On census night things worked for a bit… and then fell over…
census.abs.gov.au – that’s where Australians had to go to complete their census forums.
About 2 million census forms were submitted on census night, before the system fell over. Australians looking to complete the census later in the night, myself included, were greeted with this wonderful page.
And a day later it got worse – the server appeared to be completely offline.
And now, another day later, the server is back online but unavailable:
Predictably, the ABS was forced to relax the $180-per-day punishment of non-compliance.
The 2016 census, described as the “worst-handled census in history”, will cost Australian taxpayers $470 million.
The Census Blame Game
Predictably, the entire census farce has sparked a blame game amongst politicians, ABS spokespersons and the wider tech world.
- Early reports from the ABS were that organized cybercriminals from outside the country were responsible for bringing down the website.
- Security experts were quick to dig deep into the alleged Denial of Service (DoS) attack and identified little evidence of a cyber-attack.
- The government eventually acknowledged the ABS network failed not because of hackers or a malicious attack, but because of an “overcautious” response to the sudden influx of traffic perceived as a possible DoS attack. The issue was tracked down to overloaded routers and false alarm mechanisms.
That’s right: according to the latest explanations, the ABS servers received so much traffic it looked like a DDoS attack, so the overloaded routers were shut down.
Is that actually true? It wouldn’t be surprising if further changes in explanation were given. But let’s run with this argument for a while and see where it leads…
How bad at statistics are the Australian Bureau of Statistics?
The ABS claimed that they had load tested the website to handle 1 million forms per hour, paying a total of $504,017.50 for load testing services, scripts and licences in the last 12 months.
Let’s think that through – 1 million form submissions per hour.
Australia has a population of approximately 24.1 million people, with an average household size of 2.6 people per household – meaning approximately 9.27 million households. At one census form per household, that means about 9.27 million census forms.
All Australians are supposed to complete the census on the night of 9th August, with fines for late submissions. Let’s say that gives a window of 6 hours – between 6pm and midnight – where we come home from work and get busy filling in the forms. (And yes, Perth is 2 hours behind, so technically I should allow for that, but we’re just talking averages here.)
Even if all the census forms submissions were evenly distributed across those 6 hours, that’s an average of just over 1.5 million forms per hour – or 50% higher than the ABS claimed their load testing.
However, anyone who understands statistical modelling (yes, ABS, that should be you) understands that things just don’t happen uniformly. During times of peak demand, the load can spike to several times the average. If TV stations understand that there are most viewers in prime time, how could the ABS not have predicted the same?
Factors of Safety
Without going into the statistical modelling (let’s leave that to the ABS), it wouldn’t surprise me if at peak times, 3 million forms per hour (twice the average) would have been submitted if the website was actually working.

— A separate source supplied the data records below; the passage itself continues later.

Lemma error_fixed_time (lam b1 b2 r0 r1 r2 M : R) (e : R -> R) :
  0 < lam -> 0 < b1 -> 0 < b2 -> 0 < r0 -> 0 < r2 -> r2 * r0 < 1 ->
  (forall t, 0 < t -> is_derive e t (- lam * phi b1 b2 r0 r1 r2 (e t))) ->
  filterlim e (at_right 0) (locally (e 0)) ->
  Rabs (e 0) <= M ->
  forall t, settling_time lam b2 r0 r2 M < t -> e t = 0.
Proof.
  intros Hlam Hb1 Hb2 Hr0 Hr2 Ha He Hcont HM t Ht.
  set (h := fun s => e s * e s).
  set (dh := fun s => - 2 * lam * (e s * phi b1 b2 r0 r1 r2 (e s))).
  assert (Hh : forall s, 0 < s -> is_derive h s (dh s)).
  { intros s Hs.
    pose proof (is_derive_mult e e s _ _ (He s Hs) (He s Hs) Rmult_comm) as D.
    unfold h, dh. replace (- 2 * lam * (e s * phi b1 b2 r0 r1 r2 (e s))) with
      ((- lam * phi b1 b2 r0 r1 r2 (e s)) * e s + e s * (- lam * phi b1 b2 r0 r1 r2 (e s)))
      by ring.
    exact D. }
  assert (Hneg : forall s, 0 < s -> dh s <= 0).
  { intros s _. unfold dh. pose proof (phi_sign b1 b2 r0 r1 r2 (e s) Hb1 Hb2 Hr0). nra. }
  assert (Hinit : forall s, 0 < s -> h s <= h 0).
  { apply le_initial_of_nonincreasing.
    - exact (nonincreasing_of_derive h dh 0 Hh Hneg).
    - exact (lim_mult e e (e 0) (e 0) Hcont Hcont). }
  assert (Hrate : forall s, 0 < s -> 0 < h s ->
            dh s <= - lyap_rate lam b2 r0 * Rpower (h s) (lyap_exponent r0 r2)).
  { intros s _ Hpos.
    assert (Hes : e s <> 0) by (intros E; unfold h in Hpos; rewrite E in Hpos; lra).
    pose proof (phi_coercive b1 b2 r0 r1 r2 (e s) Hb1 Hb2 Hr0 Hes).
    unfold dh, lyap_rate, lyap_exponent, h. nra. }
  assert (Hbound : forall s, 0 < s -> 0 <= h s <= M * M).
  { intros s Hs. pose proof (Hinit s Hs). unfold h in *.
    pose proof (Rabs_pos (e 0)).
    assert (e 0 * e 0 = Rabs (e 0) * Rabs (e 0))
      by (rewrite <- Rabs_mult, Rabs_right; nra).
    nra. }
  assert (Hht : h t = 0).
  { apply (finite_time_extinction h dh (lyap_rate lam b2 r0) (lyap_exponent r0 r2) (M * M));
      try assumption.
    - unfold lyap_rate. pose proof (Rpower_pos b2 r0). nra.
    - unfold lyap_exponent. nra. }
  unfold h in Hht. nra.
Qed.

Lemma vdot_sub_r (u a b : vec3) : vdot u (vsub a b) = vdot u a - vdot u b.
Proof. unfold vdot, vsub, vx, vy, vz; simpl. ring. Qed.

Lemma vdot_self_pos (u w : vec3) : u <> w -> 0 < vdot (vsub u w) (vsub u w).
Proof.
  intros H. destruct u as [[u1 u2] u3], w as [[w1 w2] w3].
  unfold vdot, vsub, vx, vy, vz; simpl.
  destruct (Req_dec (u1 - w1) 0), (Req_dec (u2 - w2) 0), (Req_dec (u3 - w3) 0);
    try nra.
  exfalso; apply H. f_equal; [f_equal |]; lra.
Qed.

Lemma J_io_dag_right_inverse (u w : vec3) (s : R) :
  u <> w -> J_io u w (J_io_dag u w s) = s.
Proof.
  intros H. pose proof (vdot_self_pos u w H) as Hpos.
  unfold J_io, J_io_dag, vnorm.
  rewrite <- Rsqr_pow2, Rsqr_sqrt by lra. revert Hpos.
  destruct u as [[u1 u2] u3], w as [[w1 w2] w3].
  unfold vdot, vscale, vsub, vx, vy, vz; simpl. intros Hpos. field. lra.
Qed.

Therefore, in my opinion, the Census website should have been load tested to 5 million forms per hour. The extra 2 million is called a “safety factor”. Civil engineers regularly incorporate a safety factor into the design of bridges and buildings, and so should software engineers in their designs.
So whoever thought that 1 million form submissions per hour was sufficient didn’t appear to know what they were doing.
What was actually load tested?
My next question was – what was actually load tested?
- Was it just the web servers, perhaps put into an artificial testing environment and network?
- OR was it the entire system, including the live production routers and complete network?
Often, testing is done in artificial environments. It’s possible that the web servers were load tested, but not the production network. We don’t know, so that’s only speculation. However, if the entire network were tested adequately, I don’t believe the problems should have occurred.
IBM were paid $9.6m to develop the eCensus solution. The last few days have shown that creating robust cloud services are not quite as easy as baking a cake.
As we all know, cloud computing is not immune to outages. For #CensusFail, the apparent root cause was tracked back to flawed network design and protection mechanism. In essence, the incident was more of a performance issue than a security issue that isn’t inherent to a well-designed cloud network.
But this should get everyone thinking: what would have happened if there actually was a DDoS attack on the Census website? What if there was a privacy breach, and data was either deleted maliciously or copied?
What is your safety factor?
When you use the cloud to store, share and communicate, do you have a safety factor?
What would happen if there were a hacking or DDoS attack on your cloud provider? Organizations must not treat cloud vendors as the last line of defence against security, privacy and even performance related risks.
Advanced tools to backup critical data locally ensure the required information is always available, even during cloud outages.
Let’s treat #CensusFail as a learning experience for us all.